Within this material, find every line where the string "congruence" appears, and copy it out.

* **DATA FOR THIS EXERCISE**:
[Start of section]
(* Let $1\le p<\infty$. Let $f:\mathbb R\to\mathbb R$ be Henstock–Kurzweil integrable on every compact interval and suppose (a) the Henstock–Kurzweil integral $\int_{-\infty}^\infty f(t)\,dt$ exists and equals $0$, and (b) the Henstock–Kurzweil integral $\int_{-\infty}^\infty |t|^\alpha f(t)\,dt$ exists for some $\alpha>1/p$. Then $F(x)=\int_{-\infty}^x f(t)\,dt$ belongs to $L^p(\mathbb R)$, and hence $f=F'\in L'^{\,p}$.
   Context: $L'^{\,p}=\{f\in\mathcal S' : f=F' \text{ (distributional derivative) for some } F\in L^p(\mathbb R)\}$. *)

From Stdlib Require Import Reals Lra List.
Open Scope R_scope.

Fixpoint tagged_div (a b : R) (P : list (R * R * R)) : Prop :=
  match P with
  | nil => a = b
  | (u, v, t) :: P' => u = a /\ u < v /\ u <= t <= v /\ tagged_div v b P'
  end.

Definition delta_fine (delta : R -> R) (P : list (R * R * R)) : Prop :=
  Forall (fun x => match x with (u, v, t) =>
            t - delta t < u /\ v < t + delta t end) P.

Fixpoint riemann_sum (f : R -> R) (P : list (R * R * R)) : R :=
  match P with
  | nil => 0
  | (u, v, t) :: P' => f t * (v - u) + riemann_sum f P'
  end.

Definition HK_int (f : R -> R) (a b I : R) : Prop :=
  (a = b /\ I = 0) \/
  (a < b /\
   forall eps : R, 0 < eps ->
     exists delta : R -> R, (forall x, 0 < delta x) /\
       forall P, tagged_div a b P -> delta_fine delta P ->
         Rabs (riemann_sum f P - I) < eps).
Lemma homog_ext3 (f : V -> V -> V -> V) da db dc d p q r n :
  (forall x y z, homog V0 V1 da x -> homog V0 V1 db y -> homog V0 V1 dc z ->
     homog V0 V1 d (f x y z)) ->
  homog_lambda V0 V1 da p -> homog_lambda V0 V1 db q -> homog_lambda V0 V1 dc r ->
  homog V0 V1 d (ext3 f p q r n).
Proof.
move=> fh hp hq hr; apply: big_ind => [||i _]; [exact: homog0 | exact: homogD |].
by apply: big_ind => [||j _]; [exact: homog0 | exact: homogD | exact: fh].
Qed.

Lemma homog_br_lambda da db dc p q r :
  (forall x y z, homog V0 V1 da x -> homog V0 V1 db y -> homog V0 V1 dc z ->
     homog V0 V1 (da (+) db (+) dc) (br x y z)) ->
  homog_lambda V0 V1 da p -> homog_lambda V0 V1 db q -> homog_lambda V0 V1 dc r ->
  homog_lambda V0 V1 (da (+) db (+) dc) (BL p q r).
Proof.
move=> br_hom hp hq hr [|n]; apply: homogD; try exact: homog_ext3 hp hq hr.
  exact: homog0.
by apply: homog_ext3 hp hq hr => x y z; apply: psi_even.
Qed.

(* The skew-symmetry of br turns the theta(x3, x5) term of d^3 psi into
   [x3, psi(x1, x2, x4), x5]. *)
Lemma d3_psiE d1 d2 d3' d4 d5 x1 x2 x3 x4 x5 :
  homog V0 V1 d1 x1 -> homog V0 V1 d2 x2 -> homog V0 V1 d3' x3 ->
  homog V0 V1 d4 x4 -> homog V0 V1 d5 x5 ->
  let c1 := sgn K (d3' && (d1 (+) d2)) in
  let c2 := delta * sgn K ((d1 (+) d2) && (d3' (+) d4)) in
  d3 delta br psi false d1 d2 d3' d4 d5 x1 x2 x3 x4 x5 =
    fundamental_rhs psi br c1 c2 x1 x2 x3 x4 x5
    + fundamental_rhs br psi c1 c2 x1 x2 x3 x4 x5
    - (fundamental_lhs psi br x1 x2 x3 x4 x5 + fundamental_lhs br psi x1 x2 x3 x4 x5).
Proof.
move=> h1 h2 h3 h4 h5 c1 c2; have [_ [br_skew _]] := br_jlsts.
rewrite fundamental_rhsD /fundamental_lhs /c1 /c2.
rewrite (br_skew _ _ _ _ _ _ (psi_even h1 h2 h4) h3 h5).
rewrite /d3 /theta /Dop /= sgn_false !scalerA sgn_sqr scale1r mulr1 delta_sqr scale1r.
have sgnE : sgn K (d3' && (d1 (+) d2)) * (delta * sgn K ((d1 (+) d2 (+) d4) && d3')) =
    delta * sgn K ((d1 (+) d2) && (d3' (+) d5) (+) d4 && d5) *
    sgn K ((d1 (+) d2 (+) d4) && (d3' (+) d5)).
  rewrite mulrCA -!mulrA -!sgn_addb; congr (_ * sgn K _).
  by case: d1 d2 d3' d4 d5 {h1 h2 h3 h4 h5 c1 c2} => [] [] [] [] [].
rewrite !scalerDr scalerA mulrN scaleNr sgnE [sgn K _ * delta]mulrC !opprD !addrA.
by rewrite [LHS](ACl (5*1*7*2*8*4*6*3))%AC.
Qed.
(* Let $X$ be a proper geodesic metric space with base point $o$. Let $\delta>\epsilon>0$, $C>0$, and $(q_1,Q_1),(q_2,Q_2)\in[1,\infty)\times[0,\infty)$. Then there is a constant $M=M(\delta,\epsilon,q_1,Q_1,q_2,Q_2,C)$ such that the following holds. Let $r>1$ and let $\alpha$ be a $(q_1,Q_1)$-quasi-geodesic segment starting at $o$, lying entirely in the closed ball $B_{\epsilon r}=\bar B(o,\epsilon r)$, whose terminal point $\alpha_+$ lies on the sphere $S(o,\epsilon r)$. Let $\zeta$ be a geodesic ray starting at $o$ and passing through $\alpha_+$, and let $p$ be the point of $\zeta$ on the sphere $S(o,\delta r)$. Let $\gamma$ be a $(q_2,Q_2)$-quasi-geodesic starting at $p$ which lies entirely outside the open ball $B^o(o,\delta r)$ and has length $\ell(\gamma)\le Cr$. Then the concatenation $\sigma=\alpha\cup[\alpha_+,p]\cup\gamma$, where $[\alpha_+,p]$ is the subsegment of $\zeta$, is an $(M,M)$-quasi-geodesic.
   Context: A $(q,Q)$-quasi-geodesic in a metric space $X$ is a map $\alpha\colon I\to X$, $I\subset\mathbb R$ an interval, with $\frac{|s-t|}{q}-Q\le d(\alpha(s),\alpha(t))\le q|s-t|+Q$ for all $s,t\in I$; quasi-geodesics may be assumed continuous (Lipschitz), and concatenations are parametrized accordingly. *)

From Stdlib Require Import Reals Lra List.
Open Scope R_scope.

Definition is_metric {X : Type} (d : X -> X -> R) : Prop :=
  (forall x y, d x y = 0 <-> x = y) /\
  (forall x y, d x y = d y x) /\
  (forall x y z, d x z <= d x y + d y z).

Definition is_open {X : Type} (d : X -> X -> R) (U : X -> Prop) : Prop :=
  forall x, U x -> exists e, 0 < e /\ forall y, d x y < e -> U y.

Definition compact_set {X : Type} (d : X -> X -> R) (K : X -> Prop) : Prop :=
  forall (I : Type) (U : I -> X -> Prop),
    (forall i, is_open d (U i)) ->
    (forall x, K x -> exists i, U i x) ->
    exists l : list I, forall x, K x -> exists i, In i l /\ U i x.

Definition proper_space {X : Type} (d : X -> X -> R) : Prop :=
  forall x rad, compact_set d (fun y => d x y <= rad).

Definition geodesic_space {X : Type} (d : X -> X -> R) : Prop :=
  forall x y, exists g : R -> X, g 0 = x /\ g (d x y) = y /\
    forall s t, 0 <= s <= d x y -> 0 <= t <= d x y -> d (g s) (g t) = Rabs (s - t).

Definition geodesic_ray {X : Type} (d : X -> X -> R) (o : X) (zeta : R -> X) : Prop :=
  zeta 0 = o /\ forall s t, 0 <= s -> 0 <= t -> d (zeta s) (zeta t) = Rabs (s - t).

Definition quasi_geodesic {X : Type} (d : X -> X -> R) (q Q : R)
    (g : R -> X) (a b : R) : Prop :=
  forall s t, a <= s <= b -> a <= t <= b ->
    Rabs (s - t) / q - Q <= d (g s) (g t) /\ d (g s) (g t) <= q * Rabs (s - t) + Q.

(** Length of g on [a,b] is at most L: every polygonal sum over a
    nondecreasing chain of parameters in [a,b] is at most L
    (i.e. sup over partitions <= L). *)
Fixpoint chain_sum {X : Type} (d : X -> X -> R) (g : R -> X) (t0 : R) (ts : list R) : R :=
  match ts with
  | nil => 0
  | t1 :: ts' => d (g t0) (g t1) + chain_sum d g t1 ts'
  end.

Fixpoint chain_ok (t0 b : R) (ts : list R) : Prop :=
  match ts with
  | nil => True
  | t1 :: ts' => t0 <= t1 /\ t1 <= b /\ chain_ok t1 b ts'
  end.

Definition length_le {X : Type} (d : X -> X -> R) (g : R -> X) (a b L : R) : Prop :=
  forall t0 ts, a <= t0 -> chain_ok t0 b ts -> chain_sum d g t0 ts <= L.

Definition concat3 {X : Type} (alpha : R -> X) (a : R) (zeta : R -> X) (tz tp : R)
    (gamma : R -> X) : R -> X :=
  fun t => if Rle_dec t a then alpha t
           else if Rle_dec t (a + (tp - tz)) then zeta (tz + (t - a))
           else gamma (t - (a + (tp - tz))).

(** Split the concatenation σ = α · [α₊, p] · γ at its two junctions and check
    the quasi-geodesic inequalities for each pair of legs.  Across a junction the radial segment of ζ helps: since α
    stays in the ball of radius εr and γ stays outside the ball of radius δr,
    the distance between the two image points dominates the length of the radial
    part travelled, and hence (by the triangle inequality) also the displacement of
    the quasi-geodesic leg.  For the pair α, γ the image points are at least
    (δ-ε)r apart, while the total parameter length of σ is O(r), because α ends
    on S(o, εr) and γ has length at most Cr. *)

From Stdlib Require Import Reals Lra.
Open Scope R_scope.

Lemma div_sub_le_iff (x q Q D : R) : 0 < q -> x / q - Q <= D <-> x <= q * (D + Q).
Proof.
  intros Hq.
  assert (Hx : x = q * (x / q)) by (field; lra).
  split; intros H.
  - rewrite Hx; apply Rmult_le_compat_l; lra.
  - assert (x / q <= D + Q); [|lra].
    apply Rmult_le_reg_l with q; [exact Hq|]. lra.
Qed.

Section Concat3.
Context {X : Type}.
Variables (alpha zeta gamma : R -> X) (a tz tp : R).

Lemma concat3_left t : t <= a -> concat3 alpha a zeta tz tp gamma t = alpha t.
Proof. intros Ht; unfold concat3; destruct (Rle_dec t a); [reflexivity | lra]. Qed.

Lemma concat3_mid t :
  zeta tz = alpha a -> a <= t <= a + (tp - tz) ->
  concat3 alpha a zeta tz tp gamma t = zeta (tz + (t - a)).
Proof.
  intros Hjoin Ht; unfold concat3.
  destruct (Rle_dec t a).
  - replace t with a by lra. replace (tz + (a - a)) with tz by ring. now rewrite Hjoin.
  - destruct (Rle_dec t (a + (tp - tz))); [reflexivity | lra].
Qed.

Lemma concat3_right t :
  zeta tz = alpha a -> gamma 0 = zeta tp -> tz <= tp -> a + (tp - tz) <= t ->
  concat3 alpha a zeta tz tp gamma t = gamma (t - (a + (tp - tz))).
Proof.
  intros Hjoin1 Hjoin2 Htz Ht; unfold concat3.
  destruct (Rle_dec t a).
  - replace t with a by lra. replace tp with tz in * by lra.
    replace (a - (a + (tz - tz))) with 0 by ring. congruence.
  - destruct (Rle_dec t (a + (tp - tz))); [|reflexivity].
    replace t with (a + (tp - tz)) by lra.
    replace (a + (tp - tz) - (a + (tp - tz))) with 0 by ring.
    replace (tz + (a + (tp - tz) - a)) with tp by ring. congruence.
Qed.

End Concat3.

Section QuasiGeodesics.
Context {X : Type} {d : X -> X -> R}.
Hypothesis d_metric : is_metric d.

Lemma dist_sym x y : d x y = d y x.
Proof. destruct d_metric as (_ & Hsym & _); apply Hsym. Qed.

Lemma dist_triangle x y z : d x z <= d x y + d y z.
Proof. destruct d_metric as (_ & _ & Htri); apply Htri. Qed.

Lemma dist_ge0 x y : 0 <= d x y.
Proof.
  destruct d_metric as (Hd0 & _ & _).
  assert (d x x = 0) by (apply Hd0; reflexivity).
  pose proof (dist_triangle x y x) as Htri. rewrite (dist_sym y x) in Htri. lra.
Qed.

Lemma geodesic_ray_dist o zeta s t :
  geodesic_ray d o zeta -> 0 <= s <= t -> d (zeta s) (zeta t) = t - s.
Proof.
  intros [_ Hiso] Hst. rewrite Hiso by lra. rewrite Rabs_left1 by lra. ring.
Qed.

Lemma geodesic_ray_dist_base o zeta t :
  geodesic_ray d o zeta -> 0 <= t -> d o (zeta t) = t.
Proof.
  intros Hray Ht. rewrite <- (proj1 Hray), geodesic_ray_dist with (o := o) by (auto; lra).
  ring.
Qed.

Definition qgeod (q Q : R) (f : R -> X) (a b : R) : Prop :=
  forall s t, a <= s -> s <= t -> t <= b ->
    t - s <= q * (d (f s) (f t) + Q) /\ d (f s) (f t) <= q * (t - s) + Q.

Lemma quasi_geodesicP q Q f a b :
  0 < q -> quasi_geodesic d q Q f a b <-> qgeod q Q f a b.
Proof.
  intros Hq; split.
  - intros Hf s t Has Hst Htb.
    destruct (Hf s t) as [Hlo Hup]; [lra | lra |].
    rewrite Rabs_left1 in Hlo, Hup by lra.
    split; [apply div_sub_le_iff; [exact Hq | lra] | lra].
  - intros Hf.
    assert (Hord : forall s t, a <= s -> s <= t -> t <= b ->
      Rabs (s - t) / q - Q <= d (f s) (f t) /\ d (f s) (f t) <= q * Rabs (s - t) + Q).
    { intros s t Has Hst Htb. destruct (Hf s t) as [Hlo Hup]; [lra | lra | lra |].
      rewrite Rabs_left1 by lra.
      split; [apply div_sub_le_iff; [exact Hq | lra] | lra]. }
    intros s t Hs Ht.
    destruct (Rle_dec s t); [apply Hord; lra|].
    rewrite dist_sym, Rabs_minus_sym. apply Hord; lra.
Qed.

Lemma qgeod_eq_on q Q f g a b :
  (forall t, a <= t <= b -> f t = g t) -> qgeod q Q f a b -> qgeod q Q g a b.
Proof. intros Hfg Hf s t Has Hst Htb. rewrite <- !Hfg by lra. now apply Hf. Qed.

Lemma qgeod_shift q Q f a b c :
  qgeod q Q f (a + c) (b + c) -> qgeod q Q (fun t => f (t + c)) a b.
Proof.
  intros Hf s t Has Hst Htb. replace (t - s) with (t + c - (s + c)) by ring.
  apply Hf; lra.
Qed.

Lemma qgeod_mono q Q q' Q' f a b :
  0 <= q -> 0 <= Q -> q <= q' -> Q <= Q' -> qgeod q Q f a b -> qgeod q' Q' f a b.
Proof.
  intros Hq HQ Hqq HQQ Hf s t Has Hst Htb.
  destruct (Hf s t) as [Hlo Hup]; [lra | lra | lra |].
  pose proof (dist_ge0 (f s) (f t)). split; nra.
Qed.

Lemma qgeod_concat q Q c K f a m b :
  0 <= q -> 0 <= Q -> 0 <= c -> q <= K -> 2 * Q <= K -> c <= K ->
  qgeod q Q f a m -> qgeod q Q f m b ->
  (forall s t, a <= s <= m -> m <= t <= b -> t - s <= c * (d (f s) (f t) + c)) ->
  qgeod K K f a b.
Proof.
  intros Hq HQ Hc HqK HQK HcK Hleft Hright Hcross s t Has Hst Htb.
  pose proof (dist_ge0 (f s) (f t)).
  destruct (Rle_dec t m) as [Htm | Htm]; [|destruct (Rle_dec m s) as [Hms | Hms]].
  - destruct (Hleft s t) as [Hlo Hup]; [lra | lra | lra |]. split; nra.
  - destruct (Hright s t) as [Hlo Hup]; [lra | lra | lra |]. split; nra.
  - split.
    + pose proof (Hcross s t ltac:(lra) ltac:(lra)). nra.
    + destruct (Hleft s m) as [_ Hup1]; [lra | lra | lra |].
      destruct (Hright m t) as [_ Hup2]; [lra | lra | lra |].
      pose proof (dist_triangle (f s) (f m) (f t)). nra.
Qed.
[End of section]
* **SOLUTION BELOW**:
    replace (a - (a + (tz - tz))) with 0 by ring. congruence.
    replace (tz + (a + (tp - tz) - a)) with tp by ring. congruence.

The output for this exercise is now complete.